Read through the listing and copy every line that contains the word "cdot".

Input records Block Start

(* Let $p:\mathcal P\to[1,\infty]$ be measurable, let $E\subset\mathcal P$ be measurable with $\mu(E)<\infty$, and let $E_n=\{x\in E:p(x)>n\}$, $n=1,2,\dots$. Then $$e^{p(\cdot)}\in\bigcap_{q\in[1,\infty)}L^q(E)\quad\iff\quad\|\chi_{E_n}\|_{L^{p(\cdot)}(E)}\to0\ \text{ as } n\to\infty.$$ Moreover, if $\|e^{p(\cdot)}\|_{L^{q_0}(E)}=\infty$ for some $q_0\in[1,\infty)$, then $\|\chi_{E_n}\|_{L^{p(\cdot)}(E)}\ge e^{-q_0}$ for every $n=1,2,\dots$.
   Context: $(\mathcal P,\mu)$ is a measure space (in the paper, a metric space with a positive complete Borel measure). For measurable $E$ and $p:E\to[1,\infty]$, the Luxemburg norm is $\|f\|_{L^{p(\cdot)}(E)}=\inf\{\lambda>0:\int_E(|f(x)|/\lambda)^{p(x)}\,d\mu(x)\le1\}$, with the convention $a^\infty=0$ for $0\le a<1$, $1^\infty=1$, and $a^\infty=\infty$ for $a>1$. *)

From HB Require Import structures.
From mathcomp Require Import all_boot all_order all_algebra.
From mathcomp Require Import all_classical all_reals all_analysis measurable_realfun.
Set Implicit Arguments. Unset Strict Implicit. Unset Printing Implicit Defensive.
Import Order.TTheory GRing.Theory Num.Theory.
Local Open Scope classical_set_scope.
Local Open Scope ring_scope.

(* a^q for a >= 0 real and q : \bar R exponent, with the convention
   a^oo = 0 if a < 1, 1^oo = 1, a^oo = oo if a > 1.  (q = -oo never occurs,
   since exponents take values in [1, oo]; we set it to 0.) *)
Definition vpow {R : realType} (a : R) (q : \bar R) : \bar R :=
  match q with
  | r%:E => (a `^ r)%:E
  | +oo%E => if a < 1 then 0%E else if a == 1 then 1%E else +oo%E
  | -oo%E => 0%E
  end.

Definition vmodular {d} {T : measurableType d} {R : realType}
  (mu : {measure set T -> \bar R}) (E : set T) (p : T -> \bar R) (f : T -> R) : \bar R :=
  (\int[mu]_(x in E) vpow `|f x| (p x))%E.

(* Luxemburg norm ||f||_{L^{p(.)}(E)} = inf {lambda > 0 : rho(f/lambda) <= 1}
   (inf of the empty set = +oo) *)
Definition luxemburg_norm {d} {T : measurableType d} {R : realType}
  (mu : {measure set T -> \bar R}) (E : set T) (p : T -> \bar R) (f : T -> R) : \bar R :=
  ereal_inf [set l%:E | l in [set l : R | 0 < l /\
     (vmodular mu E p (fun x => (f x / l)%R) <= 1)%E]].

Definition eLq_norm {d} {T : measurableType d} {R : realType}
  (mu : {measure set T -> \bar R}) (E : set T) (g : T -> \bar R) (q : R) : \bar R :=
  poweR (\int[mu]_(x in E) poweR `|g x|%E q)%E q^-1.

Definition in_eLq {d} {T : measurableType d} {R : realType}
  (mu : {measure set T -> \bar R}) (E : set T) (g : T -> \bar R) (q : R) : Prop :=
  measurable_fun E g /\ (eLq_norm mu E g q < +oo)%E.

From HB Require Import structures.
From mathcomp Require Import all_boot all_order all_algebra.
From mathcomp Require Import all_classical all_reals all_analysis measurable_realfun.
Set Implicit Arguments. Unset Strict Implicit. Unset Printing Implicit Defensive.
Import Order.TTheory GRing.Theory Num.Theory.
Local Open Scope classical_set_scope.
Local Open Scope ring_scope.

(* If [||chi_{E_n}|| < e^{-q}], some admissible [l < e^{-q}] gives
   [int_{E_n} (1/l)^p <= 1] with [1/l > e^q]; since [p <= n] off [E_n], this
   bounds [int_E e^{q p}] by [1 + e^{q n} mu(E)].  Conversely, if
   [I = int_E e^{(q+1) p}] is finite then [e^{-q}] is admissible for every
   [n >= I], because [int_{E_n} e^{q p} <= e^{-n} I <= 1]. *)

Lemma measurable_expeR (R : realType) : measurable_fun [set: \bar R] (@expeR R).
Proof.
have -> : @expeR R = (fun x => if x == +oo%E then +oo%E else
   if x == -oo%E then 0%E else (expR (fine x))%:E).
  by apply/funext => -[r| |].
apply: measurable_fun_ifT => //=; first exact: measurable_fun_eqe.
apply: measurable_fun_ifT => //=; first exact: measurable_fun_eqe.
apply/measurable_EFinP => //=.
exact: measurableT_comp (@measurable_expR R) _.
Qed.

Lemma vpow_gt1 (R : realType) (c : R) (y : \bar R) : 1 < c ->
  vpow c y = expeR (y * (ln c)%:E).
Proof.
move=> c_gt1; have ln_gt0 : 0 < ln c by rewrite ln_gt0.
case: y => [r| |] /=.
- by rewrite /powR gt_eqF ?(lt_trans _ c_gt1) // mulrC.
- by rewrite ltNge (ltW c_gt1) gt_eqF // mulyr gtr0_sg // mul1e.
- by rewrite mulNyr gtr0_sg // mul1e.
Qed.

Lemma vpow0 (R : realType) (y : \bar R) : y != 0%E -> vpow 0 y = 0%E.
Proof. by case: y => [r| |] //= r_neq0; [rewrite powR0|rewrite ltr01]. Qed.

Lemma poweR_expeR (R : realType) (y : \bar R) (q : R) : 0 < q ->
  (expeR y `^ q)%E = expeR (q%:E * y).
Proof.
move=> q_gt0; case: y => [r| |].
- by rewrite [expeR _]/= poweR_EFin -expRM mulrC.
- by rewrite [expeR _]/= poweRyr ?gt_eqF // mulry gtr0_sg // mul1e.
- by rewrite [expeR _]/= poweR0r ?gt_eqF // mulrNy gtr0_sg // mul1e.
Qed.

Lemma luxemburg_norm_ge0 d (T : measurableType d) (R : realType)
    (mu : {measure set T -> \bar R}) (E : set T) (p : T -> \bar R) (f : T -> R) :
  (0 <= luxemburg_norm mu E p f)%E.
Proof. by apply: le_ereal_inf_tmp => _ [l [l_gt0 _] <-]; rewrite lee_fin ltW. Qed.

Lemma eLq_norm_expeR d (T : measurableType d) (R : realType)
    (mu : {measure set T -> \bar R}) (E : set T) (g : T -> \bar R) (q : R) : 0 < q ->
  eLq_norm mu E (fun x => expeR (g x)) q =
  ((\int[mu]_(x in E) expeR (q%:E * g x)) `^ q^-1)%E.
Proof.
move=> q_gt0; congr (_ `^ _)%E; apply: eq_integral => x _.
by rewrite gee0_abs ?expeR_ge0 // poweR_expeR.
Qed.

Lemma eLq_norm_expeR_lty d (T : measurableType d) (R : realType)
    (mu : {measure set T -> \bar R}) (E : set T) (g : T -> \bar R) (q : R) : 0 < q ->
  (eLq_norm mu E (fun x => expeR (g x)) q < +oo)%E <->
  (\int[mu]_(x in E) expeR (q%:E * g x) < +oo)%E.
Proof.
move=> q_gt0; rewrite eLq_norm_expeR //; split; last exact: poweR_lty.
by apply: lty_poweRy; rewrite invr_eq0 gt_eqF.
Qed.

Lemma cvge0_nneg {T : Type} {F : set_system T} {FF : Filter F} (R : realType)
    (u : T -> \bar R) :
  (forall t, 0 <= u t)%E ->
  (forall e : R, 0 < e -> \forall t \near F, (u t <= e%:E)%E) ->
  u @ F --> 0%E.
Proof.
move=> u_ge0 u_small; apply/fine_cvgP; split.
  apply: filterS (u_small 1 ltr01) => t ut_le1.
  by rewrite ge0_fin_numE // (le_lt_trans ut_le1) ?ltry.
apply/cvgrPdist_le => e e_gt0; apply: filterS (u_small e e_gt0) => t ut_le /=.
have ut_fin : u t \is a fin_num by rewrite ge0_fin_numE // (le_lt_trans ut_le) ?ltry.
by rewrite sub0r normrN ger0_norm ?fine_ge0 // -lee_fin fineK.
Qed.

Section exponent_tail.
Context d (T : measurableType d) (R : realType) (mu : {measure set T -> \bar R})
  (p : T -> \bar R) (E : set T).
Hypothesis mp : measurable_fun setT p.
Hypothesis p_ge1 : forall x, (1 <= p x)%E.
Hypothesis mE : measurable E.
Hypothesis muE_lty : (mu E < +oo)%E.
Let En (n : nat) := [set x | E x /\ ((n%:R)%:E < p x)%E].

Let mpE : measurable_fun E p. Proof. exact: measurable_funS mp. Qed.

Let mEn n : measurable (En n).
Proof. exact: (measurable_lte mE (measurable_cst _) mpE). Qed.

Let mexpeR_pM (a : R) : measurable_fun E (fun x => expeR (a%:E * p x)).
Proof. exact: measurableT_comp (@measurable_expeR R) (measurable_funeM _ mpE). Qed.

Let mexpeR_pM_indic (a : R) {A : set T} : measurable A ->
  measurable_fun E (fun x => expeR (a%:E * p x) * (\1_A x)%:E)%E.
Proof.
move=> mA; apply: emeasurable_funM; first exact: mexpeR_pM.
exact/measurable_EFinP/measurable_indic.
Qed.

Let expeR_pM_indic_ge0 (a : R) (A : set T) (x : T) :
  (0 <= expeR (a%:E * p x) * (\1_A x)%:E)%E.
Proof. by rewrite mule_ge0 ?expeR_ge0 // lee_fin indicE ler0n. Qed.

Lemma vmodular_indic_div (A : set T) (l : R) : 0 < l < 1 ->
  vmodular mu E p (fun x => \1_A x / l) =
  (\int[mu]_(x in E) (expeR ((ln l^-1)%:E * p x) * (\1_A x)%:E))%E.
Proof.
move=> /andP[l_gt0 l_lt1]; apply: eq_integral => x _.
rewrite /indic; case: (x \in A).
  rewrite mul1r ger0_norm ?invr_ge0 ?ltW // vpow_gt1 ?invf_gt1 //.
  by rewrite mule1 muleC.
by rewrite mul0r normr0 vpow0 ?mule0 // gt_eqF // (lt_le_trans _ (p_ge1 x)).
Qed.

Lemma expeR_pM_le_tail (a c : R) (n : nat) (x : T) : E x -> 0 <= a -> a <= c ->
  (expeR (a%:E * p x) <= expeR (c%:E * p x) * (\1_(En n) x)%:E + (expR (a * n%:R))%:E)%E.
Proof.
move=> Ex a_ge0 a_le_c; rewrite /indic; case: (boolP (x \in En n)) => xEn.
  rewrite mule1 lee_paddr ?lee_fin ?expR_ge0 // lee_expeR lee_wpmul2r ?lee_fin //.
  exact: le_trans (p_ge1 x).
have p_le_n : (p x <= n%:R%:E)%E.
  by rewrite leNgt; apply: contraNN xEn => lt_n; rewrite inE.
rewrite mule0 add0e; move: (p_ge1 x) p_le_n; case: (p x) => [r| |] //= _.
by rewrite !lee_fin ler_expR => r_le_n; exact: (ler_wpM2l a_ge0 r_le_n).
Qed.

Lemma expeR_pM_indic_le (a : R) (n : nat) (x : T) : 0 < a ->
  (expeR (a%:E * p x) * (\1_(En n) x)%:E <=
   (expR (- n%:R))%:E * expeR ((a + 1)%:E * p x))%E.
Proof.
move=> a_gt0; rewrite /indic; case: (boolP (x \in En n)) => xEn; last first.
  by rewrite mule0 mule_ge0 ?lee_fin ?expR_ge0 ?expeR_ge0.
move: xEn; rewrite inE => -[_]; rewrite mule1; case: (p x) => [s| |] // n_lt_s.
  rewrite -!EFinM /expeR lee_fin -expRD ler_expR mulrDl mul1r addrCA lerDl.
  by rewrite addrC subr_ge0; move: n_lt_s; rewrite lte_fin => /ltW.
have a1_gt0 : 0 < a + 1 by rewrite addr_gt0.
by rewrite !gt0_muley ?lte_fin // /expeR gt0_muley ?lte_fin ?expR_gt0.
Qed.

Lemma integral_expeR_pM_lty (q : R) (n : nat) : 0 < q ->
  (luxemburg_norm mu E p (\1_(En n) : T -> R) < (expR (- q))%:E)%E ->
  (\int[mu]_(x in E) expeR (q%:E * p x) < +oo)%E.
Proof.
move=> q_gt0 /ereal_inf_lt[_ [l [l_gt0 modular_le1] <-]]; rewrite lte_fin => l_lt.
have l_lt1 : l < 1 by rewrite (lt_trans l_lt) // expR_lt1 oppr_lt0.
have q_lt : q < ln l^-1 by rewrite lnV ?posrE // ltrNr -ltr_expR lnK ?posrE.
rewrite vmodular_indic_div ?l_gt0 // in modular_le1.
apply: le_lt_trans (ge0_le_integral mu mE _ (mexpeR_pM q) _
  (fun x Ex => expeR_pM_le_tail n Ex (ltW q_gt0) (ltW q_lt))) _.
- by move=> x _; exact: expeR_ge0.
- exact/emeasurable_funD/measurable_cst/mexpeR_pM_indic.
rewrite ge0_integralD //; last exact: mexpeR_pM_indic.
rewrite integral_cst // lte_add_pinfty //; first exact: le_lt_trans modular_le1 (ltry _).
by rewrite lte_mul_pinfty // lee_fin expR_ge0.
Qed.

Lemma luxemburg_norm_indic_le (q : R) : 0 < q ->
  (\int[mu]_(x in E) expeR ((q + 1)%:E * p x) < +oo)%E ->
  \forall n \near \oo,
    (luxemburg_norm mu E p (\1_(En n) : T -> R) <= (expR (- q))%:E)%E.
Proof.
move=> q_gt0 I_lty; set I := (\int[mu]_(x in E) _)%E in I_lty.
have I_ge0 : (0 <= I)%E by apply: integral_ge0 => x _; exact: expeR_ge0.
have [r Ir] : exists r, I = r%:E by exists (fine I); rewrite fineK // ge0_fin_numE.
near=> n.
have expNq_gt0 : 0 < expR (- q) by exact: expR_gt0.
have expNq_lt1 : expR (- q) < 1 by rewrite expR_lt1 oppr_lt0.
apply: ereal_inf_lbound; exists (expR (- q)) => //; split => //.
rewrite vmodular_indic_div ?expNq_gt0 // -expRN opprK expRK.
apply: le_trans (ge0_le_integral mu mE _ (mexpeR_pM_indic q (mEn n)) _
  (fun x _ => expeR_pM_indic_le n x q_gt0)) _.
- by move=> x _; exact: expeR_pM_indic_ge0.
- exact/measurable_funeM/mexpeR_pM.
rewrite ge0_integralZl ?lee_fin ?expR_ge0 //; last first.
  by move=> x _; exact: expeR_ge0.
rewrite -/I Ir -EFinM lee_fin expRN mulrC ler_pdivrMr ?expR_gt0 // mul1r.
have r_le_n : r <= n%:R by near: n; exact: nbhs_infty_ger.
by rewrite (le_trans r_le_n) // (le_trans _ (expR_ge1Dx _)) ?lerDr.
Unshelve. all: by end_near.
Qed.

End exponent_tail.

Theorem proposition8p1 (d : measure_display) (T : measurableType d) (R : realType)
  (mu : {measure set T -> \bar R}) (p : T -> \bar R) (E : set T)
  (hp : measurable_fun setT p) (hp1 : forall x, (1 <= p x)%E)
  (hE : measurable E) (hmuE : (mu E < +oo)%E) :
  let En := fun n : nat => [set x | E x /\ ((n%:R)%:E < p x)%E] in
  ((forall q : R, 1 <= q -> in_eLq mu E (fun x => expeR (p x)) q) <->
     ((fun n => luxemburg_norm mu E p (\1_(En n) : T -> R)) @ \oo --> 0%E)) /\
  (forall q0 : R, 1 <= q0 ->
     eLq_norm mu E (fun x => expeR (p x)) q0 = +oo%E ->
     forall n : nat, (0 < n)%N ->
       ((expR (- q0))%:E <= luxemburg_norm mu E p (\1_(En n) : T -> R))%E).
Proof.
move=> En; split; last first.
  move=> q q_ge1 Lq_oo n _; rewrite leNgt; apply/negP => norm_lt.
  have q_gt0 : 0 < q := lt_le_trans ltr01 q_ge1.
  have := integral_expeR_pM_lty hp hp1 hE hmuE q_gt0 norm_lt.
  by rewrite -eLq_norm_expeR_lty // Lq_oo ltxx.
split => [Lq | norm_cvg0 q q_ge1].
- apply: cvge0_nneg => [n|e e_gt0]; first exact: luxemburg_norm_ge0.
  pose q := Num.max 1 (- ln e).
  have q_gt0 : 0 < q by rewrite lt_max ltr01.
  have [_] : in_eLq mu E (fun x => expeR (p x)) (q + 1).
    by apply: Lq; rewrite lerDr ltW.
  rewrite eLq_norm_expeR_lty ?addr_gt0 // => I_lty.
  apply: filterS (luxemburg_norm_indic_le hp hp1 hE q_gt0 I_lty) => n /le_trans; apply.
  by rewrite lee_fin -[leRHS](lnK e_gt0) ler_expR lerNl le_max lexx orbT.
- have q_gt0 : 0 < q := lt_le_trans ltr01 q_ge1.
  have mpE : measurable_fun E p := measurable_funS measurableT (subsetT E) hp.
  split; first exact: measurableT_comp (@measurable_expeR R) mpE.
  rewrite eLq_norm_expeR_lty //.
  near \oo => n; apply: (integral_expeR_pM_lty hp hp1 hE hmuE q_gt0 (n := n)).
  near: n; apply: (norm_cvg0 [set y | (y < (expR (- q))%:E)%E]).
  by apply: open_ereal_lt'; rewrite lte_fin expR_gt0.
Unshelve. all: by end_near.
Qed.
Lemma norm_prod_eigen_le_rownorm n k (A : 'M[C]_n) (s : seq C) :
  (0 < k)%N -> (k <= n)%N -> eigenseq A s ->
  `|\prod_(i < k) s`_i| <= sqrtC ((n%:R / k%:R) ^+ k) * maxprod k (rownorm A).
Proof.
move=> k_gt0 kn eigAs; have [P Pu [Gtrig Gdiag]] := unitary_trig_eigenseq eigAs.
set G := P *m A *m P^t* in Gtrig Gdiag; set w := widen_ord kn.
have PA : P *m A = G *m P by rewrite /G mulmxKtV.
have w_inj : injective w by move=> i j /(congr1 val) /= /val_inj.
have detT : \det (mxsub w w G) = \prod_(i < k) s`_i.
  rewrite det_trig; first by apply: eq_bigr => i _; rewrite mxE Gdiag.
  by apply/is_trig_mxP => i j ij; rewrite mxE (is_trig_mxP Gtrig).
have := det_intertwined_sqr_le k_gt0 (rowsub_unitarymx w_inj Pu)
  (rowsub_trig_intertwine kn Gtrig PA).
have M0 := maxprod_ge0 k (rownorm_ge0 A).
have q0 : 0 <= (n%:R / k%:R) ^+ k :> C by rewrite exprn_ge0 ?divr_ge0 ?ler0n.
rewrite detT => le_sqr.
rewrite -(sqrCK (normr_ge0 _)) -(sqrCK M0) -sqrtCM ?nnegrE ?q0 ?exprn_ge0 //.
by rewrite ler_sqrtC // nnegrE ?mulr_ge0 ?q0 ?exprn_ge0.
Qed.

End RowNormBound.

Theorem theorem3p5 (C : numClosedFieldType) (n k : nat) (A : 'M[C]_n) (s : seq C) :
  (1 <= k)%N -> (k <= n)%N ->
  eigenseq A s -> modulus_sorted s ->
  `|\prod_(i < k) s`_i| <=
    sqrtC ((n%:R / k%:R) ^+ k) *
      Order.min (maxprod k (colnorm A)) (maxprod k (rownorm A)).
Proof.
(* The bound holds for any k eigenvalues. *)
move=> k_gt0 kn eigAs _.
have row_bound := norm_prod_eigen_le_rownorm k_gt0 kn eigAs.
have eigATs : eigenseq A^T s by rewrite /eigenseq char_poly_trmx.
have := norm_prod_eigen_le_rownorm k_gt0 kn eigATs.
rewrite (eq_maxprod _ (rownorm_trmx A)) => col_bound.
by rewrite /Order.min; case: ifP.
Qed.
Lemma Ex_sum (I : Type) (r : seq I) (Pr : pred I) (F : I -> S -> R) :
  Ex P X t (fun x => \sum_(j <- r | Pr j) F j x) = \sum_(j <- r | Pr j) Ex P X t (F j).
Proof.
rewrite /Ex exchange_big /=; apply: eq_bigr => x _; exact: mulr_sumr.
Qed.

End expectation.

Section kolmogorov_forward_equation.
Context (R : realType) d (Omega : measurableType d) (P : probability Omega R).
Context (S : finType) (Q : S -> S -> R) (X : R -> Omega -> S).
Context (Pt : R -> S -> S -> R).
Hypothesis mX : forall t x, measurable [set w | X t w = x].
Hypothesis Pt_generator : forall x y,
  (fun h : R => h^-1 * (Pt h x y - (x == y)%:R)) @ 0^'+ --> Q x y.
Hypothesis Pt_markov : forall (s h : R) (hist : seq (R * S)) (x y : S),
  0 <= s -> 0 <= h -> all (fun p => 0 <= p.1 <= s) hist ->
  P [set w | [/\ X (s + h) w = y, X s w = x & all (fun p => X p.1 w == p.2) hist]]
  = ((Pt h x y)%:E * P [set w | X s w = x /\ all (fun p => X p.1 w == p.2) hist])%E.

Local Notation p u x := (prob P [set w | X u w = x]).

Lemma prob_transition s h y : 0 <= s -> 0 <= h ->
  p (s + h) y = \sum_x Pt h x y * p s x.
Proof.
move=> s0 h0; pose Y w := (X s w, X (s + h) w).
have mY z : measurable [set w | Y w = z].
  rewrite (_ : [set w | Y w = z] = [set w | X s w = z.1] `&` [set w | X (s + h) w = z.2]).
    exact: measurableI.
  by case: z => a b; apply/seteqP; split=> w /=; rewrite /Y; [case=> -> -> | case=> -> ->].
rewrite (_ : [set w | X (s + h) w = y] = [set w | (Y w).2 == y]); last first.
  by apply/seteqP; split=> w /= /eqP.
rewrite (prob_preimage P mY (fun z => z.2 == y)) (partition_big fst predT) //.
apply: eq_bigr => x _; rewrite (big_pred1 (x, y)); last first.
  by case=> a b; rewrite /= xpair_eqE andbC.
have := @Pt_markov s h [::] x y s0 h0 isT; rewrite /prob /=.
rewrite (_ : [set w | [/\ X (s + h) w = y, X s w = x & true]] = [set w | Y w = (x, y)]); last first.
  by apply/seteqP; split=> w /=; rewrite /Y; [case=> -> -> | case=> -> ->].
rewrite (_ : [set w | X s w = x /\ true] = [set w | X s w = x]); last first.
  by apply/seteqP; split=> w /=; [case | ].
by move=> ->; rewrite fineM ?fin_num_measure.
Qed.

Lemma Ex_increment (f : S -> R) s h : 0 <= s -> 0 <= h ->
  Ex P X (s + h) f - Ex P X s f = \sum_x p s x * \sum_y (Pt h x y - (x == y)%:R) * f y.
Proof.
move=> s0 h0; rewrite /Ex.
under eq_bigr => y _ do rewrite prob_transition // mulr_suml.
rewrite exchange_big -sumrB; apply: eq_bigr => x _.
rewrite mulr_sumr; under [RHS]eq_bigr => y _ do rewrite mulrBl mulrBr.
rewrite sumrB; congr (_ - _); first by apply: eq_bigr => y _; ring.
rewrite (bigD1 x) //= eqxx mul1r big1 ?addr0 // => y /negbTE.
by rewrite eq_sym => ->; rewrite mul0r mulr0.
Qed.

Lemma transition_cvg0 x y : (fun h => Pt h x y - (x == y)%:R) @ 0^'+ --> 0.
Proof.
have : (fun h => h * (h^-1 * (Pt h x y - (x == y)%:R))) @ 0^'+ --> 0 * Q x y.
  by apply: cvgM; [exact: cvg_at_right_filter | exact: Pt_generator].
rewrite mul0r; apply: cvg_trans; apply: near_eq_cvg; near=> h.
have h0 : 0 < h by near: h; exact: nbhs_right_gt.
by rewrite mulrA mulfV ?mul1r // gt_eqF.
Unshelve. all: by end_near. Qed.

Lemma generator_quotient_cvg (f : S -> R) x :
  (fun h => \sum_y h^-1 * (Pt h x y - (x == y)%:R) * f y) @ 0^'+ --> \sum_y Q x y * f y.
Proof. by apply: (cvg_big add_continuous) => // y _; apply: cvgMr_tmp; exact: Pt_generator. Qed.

Input records Block End

◆ **Answer to the exercise**:
(* Let $p:\mathcal P\to[1,\infty]$ be measurable, let $E\subset\mathcal P$ be measurable with $\mu(E)<\infty$, and let $E_n=\{x\in E:p(x)>n\}$, $n=1,2,\dots$. Then $$e^{p(\cdot)}\in\bigcap_{q\in[1,\infty)}L^q(E)\quad\iff\quad\|\chi_{E_n}\|_{L^{p(\cdot)}(E)}\to0\ \text{ as } n\to\infty.$$ Moreover, if $\|e^{p(\cdot)}\|_{L^{q_0}(E)}=\infty$ for some $q_0\in[1,\infty)$, then $\|\chi_{E_n}\|_{L^{p(\cdot)}(E)}\ge e^{-q_0}$ for every $n=1,2,\dots$.
   Context: $(\mathcal P,\mu)$ is a measure space (in the paper, a metric space with a positive complete Borel measure). For measurable $E$ and $p:E\to[1,\infty]$, the Luxemburg norm is $\|f\|_{L^{p(\cdot)}(E)}=\inf\{\lambda>0:\int_E(|f(x)|/\lambda)^{p(x)}\,d\mu(x)\le1\}$, with the convention $a^\infty=0$ for $0\le a<1$, $1^\infty=1$, and $a^\infty=\infty$ for $a>1$. *)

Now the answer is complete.